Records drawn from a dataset
──────────────────────────────
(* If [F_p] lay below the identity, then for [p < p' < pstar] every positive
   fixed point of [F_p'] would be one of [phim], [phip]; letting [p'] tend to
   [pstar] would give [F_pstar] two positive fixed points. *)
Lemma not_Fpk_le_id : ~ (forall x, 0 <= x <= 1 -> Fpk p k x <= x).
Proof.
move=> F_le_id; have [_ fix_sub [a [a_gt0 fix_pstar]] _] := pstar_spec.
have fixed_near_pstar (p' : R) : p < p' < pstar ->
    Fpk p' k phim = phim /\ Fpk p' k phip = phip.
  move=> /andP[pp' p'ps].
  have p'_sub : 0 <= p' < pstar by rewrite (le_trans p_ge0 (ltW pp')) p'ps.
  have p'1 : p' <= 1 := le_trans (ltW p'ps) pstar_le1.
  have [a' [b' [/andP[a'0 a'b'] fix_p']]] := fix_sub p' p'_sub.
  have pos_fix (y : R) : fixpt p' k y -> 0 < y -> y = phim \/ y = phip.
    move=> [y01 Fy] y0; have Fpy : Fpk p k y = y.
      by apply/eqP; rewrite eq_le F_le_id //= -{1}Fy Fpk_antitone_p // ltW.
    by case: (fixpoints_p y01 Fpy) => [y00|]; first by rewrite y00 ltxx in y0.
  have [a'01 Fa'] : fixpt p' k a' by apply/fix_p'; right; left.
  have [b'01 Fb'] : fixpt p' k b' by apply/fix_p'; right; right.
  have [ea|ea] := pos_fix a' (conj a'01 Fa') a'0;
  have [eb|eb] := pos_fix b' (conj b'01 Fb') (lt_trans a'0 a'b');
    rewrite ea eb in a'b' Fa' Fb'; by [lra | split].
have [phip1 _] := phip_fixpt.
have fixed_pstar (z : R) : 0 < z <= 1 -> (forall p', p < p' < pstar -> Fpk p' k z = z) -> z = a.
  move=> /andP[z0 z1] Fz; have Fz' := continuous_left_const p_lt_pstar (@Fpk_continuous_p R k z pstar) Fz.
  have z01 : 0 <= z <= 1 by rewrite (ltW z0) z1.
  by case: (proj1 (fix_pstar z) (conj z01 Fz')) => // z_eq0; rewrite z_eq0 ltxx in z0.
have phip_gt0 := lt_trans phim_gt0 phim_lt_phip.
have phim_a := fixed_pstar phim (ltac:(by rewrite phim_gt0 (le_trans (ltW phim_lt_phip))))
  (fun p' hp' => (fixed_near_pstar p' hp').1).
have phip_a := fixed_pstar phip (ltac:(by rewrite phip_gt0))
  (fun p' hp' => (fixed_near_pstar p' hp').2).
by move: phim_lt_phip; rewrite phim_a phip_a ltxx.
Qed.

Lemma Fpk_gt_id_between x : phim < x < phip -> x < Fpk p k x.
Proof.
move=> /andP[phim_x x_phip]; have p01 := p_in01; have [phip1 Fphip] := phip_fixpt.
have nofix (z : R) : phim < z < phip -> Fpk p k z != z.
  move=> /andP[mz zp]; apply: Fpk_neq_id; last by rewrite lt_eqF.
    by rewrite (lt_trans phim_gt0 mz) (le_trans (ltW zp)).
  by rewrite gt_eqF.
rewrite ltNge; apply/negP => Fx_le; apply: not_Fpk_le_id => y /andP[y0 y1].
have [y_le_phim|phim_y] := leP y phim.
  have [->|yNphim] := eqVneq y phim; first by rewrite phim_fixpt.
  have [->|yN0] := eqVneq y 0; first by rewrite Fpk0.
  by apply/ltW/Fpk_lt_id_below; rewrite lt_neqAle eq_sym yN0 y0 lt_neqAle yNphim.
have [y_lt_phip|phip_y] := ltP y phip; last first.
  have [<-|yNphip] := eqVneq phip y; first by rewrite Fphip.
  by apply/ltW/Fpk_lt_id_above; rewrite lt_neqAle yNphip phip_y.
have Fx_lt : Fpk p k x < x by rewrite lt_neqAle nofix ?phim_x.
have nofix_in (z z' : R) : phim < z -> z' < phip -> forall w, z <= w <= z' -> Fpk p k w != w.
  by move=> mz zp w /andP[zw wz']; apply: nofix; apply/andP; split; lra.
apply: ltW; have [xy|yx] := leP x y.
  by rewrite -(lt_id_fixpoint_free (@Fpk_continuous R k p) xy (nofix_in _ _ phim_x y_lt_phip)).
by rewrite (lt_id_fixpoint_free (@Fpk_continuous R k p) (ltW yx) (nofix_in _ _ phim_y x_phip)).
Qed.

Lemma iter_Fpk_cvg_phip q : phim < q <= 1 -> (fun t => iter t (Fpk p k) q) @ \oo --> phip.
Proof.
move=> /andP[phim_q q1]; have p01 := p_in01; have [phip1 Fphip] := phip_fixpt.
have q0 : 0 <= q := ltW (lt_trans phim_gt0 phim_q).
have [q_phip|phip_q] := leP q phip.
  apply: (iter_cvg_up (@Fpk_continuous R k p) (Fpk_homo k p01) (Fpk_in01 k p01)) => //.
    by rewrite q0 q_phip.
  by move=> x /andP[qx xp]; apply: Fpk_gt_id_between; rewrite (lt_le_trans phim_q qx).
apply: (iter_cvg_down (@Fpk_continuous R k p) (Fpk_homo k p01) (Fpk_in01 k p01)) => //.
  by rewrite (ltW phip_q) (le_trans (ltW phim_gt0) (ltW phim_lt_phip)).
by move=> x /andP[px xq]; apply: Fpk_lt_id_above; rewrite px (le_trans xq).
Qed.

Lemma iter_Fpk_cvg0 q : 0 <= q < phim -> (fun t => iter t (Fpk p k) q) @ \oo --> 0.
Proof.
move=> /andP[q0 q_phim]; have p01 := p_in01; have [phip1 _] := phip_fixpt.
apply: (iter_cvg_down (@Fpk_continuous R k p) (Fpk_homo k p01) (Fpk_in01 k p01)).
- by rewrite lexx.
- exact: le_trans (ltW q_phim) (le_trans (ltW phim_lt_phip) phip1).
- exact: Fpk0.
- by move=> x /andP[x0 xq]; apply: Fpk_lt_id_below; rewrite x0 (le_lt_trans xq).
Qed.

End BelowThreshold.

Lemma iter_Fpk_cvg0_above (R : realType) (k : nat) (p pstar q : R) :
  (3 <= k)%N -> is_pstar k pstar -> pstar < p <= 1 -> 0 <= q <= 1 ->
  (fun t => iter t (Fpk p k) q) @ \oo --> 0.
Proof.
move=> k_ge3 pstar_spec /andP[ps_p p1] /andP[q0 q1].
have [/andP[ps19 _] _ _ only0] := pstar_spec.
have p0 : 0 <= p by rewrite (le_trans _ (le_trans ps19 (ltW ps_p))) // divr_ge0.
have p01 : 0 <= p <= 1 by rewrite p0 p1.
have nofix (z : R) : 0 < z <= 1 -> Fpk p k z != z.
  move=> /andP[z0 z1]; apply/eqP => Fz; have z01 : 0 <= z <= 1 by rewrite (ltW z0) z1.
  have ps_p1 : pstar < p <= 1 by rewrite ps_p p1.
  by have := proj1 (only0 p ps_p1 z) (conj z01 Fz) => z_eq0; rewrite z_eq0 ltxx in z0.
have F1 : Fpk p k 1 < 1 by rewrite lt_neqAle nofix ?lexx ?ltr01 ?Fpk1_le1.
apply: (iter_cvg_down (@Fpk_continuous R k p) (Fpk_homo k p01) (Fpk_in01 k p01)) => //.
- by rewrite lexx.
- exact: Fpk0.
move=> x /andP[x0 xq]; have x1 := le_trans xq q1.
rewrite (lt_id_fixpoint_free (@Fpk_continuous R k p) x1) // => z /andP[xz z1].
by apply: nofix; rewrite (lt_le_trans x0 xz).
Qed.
──────────────────────────────
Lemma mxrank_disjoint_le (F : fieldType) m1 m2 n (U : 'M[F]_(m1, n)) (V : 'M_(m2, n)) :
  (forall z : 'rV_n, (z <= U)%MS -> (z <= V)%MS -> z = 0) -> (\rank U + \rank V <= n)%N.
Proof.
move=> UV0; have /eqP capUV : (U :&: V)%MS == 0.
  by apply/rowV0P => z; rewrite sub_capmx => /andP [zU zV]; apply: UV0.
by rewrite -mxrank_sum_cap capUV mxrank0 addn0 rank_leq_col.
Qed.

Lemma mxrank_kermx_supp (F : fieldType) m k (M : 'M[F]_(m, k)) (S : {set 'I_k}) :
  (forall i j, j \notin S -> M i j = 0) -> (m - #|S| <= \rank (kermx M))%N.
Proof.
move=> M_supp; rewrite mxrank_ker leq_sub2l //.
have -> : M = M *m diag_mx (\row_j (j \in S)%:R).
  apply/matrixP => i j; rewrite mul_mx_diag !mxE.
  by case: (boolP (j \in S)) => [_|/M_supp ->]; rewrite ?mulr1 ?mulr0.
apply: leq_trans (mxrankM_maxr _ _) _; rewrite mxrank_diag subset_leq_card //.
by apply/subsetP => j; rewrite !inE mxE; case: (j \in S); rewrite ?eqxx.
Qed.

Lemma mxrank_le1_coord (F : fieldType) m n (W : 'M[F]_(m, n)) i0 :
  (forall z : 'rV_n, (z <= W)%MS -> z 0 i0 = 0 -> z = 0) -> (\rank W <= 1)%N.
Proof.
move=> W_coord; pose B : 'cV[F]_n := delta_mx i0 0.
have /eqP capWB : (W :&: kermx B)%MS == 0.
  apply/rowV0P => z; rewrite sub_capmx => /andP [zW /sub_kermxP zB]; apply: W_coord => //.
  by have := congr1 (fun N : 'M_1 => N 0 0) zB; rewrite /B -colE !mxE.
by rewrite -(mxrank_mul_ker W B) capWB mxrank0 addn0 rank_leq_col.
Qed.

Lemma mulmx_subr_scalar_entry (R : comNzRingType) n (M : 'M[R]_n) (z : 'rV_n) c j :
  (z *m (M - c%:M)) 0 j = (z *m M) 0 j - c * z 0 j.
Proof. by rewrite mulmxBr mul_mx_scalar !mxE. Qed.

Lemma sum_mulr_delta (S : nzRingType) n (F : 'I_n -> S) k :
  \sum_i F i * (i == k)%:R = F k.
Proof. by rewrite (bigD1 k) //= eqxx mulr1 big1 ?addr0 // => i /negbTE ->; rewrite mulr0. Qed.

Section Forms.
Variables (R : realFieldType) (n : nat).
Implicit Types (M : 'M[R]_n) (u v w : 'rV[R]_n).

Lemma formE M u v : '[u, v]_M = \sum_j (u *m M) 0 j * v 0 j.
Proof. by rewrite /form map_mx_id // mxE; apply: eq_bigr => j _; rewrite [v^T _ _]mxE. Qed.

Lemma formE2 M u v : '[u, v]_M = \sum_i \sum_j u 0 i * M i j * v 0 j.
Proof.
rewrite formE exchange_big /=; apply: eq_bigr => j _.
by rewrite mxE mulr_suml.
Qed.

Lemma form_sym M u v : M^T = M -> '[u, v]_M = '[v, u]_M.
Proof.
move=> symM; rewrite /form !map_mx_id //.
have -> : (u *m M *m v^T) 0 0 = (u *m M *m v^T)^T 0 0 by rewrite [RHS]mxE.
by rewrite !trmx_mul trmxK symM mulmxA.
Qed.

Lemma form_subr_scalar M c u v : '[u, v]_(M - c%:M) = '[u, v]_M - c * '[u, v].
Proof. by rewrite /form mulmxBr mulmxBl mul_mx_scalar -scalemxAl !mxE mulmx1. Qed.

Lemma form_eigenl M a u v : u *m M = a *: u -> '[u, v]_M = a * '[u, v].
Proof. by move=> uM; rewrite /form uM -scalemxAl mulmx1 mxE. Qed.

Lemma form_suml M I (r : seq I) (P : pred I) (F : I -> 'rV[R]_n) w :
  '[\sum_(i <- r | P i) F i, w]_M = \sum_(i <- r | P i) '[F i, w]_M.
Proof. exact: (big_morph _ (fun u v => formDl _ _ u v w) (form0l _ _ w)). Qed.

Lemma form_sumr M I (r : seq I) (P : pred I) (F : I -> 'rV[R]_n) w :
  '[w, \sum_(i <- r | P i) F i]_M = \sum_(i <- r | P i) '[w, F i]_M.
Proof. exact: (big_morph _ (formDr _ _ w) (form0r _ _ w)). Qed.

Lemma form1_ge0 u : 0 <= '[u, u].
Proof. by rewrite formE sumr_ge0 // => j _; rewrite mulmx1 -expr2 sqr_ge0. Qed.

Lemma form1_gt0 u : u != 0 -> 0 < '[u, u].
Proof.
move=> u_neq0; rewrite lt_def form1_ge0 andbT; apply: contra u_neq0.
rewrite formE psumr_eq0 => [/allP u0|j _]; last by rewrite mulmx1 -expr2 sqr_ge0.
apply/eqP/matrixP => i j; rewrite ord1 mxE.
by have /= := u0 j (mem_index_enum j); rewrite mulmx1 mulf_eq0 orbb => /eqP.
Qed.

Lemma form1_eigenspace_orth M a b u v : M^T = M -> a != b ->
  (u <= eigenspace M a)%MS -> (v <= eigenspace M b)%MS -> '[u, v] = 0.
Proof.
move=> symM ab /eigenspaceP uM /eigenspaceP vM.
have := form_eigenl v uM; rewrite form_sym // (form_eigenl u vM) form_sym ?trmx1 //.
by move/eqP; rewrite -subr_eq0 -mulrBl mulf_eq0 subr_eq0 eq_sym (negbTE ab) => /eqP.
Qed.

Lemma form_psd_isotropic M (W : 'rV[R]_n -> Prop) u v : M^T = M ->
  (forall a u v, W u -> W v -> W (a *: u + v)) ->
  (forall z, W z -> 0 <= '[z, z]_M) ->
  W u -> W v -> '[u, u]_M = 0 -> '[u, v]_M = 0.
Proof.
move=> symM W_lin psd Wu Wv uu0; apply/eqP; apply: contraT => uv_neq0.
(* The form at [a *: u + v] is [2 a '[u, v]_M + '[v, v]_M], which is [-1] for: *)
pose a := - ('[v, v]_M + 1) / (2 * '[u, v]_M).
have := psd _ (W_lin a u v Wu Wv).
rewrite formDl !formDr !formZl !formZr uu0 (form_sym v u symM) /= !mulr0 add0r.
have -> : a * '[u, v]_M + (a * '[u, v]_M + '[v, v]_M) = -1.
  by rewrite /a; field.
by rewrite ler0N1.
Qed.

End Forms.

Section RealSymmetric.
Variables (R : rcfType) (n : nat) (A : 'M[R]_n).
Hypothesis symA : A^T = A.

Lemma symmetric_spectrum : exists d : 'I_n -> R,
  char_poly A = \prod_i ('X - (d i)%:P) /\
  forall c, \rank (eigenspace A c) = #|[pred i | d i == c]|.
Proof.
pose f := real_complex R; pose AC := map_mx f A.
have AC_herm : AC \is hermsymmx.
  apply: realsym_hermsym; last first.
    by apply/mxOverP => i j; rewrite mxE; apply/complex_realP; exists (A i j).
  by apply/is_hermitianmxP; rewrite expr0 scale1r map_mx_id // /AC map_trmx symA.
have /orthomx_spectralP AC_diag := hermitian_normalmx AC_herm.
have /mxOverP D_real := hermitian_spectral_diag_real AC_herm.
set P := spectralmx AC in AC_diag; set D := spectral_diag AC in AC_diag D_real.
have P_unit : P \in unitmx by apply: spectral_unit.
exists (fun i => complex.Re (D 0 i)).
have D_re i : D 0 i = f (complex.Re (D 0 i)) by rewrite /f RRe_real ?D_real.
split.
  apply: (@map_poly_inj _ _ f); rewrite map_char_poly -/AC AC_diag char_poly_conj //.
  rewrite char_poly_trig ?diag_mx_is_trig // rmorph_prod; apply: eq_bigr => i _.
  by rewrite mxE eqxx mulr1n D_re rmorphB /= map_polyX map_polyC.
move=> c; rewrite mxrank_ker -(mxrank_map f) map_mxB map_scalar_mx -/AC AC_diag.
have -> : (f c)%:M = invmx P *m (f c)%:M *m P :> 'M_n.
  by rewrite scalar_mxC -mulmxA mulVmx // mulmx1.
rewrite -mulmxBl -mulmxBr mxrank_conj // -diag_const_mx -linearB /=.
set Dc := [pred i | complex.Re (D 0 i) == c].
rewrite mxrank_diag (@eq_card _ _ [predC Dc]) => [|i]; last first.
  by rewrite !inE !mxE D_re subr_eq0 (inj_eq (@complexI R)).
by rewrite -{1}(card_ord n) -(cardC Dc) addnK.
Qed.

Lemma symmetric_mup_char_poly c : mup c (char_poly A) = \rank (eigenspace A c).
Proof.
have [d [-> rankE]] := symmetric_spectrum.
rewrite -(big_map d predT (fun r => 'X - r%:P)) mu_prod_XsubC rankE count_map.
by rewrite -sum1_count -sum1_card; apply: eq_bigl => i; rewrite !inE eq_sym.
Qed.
──────────────────────────────
● **WORK ORDER**
Going line by line through the entries above, count each line that has the word "Variables", then state the count alone.

● **RESULT OF THIS TASK**
2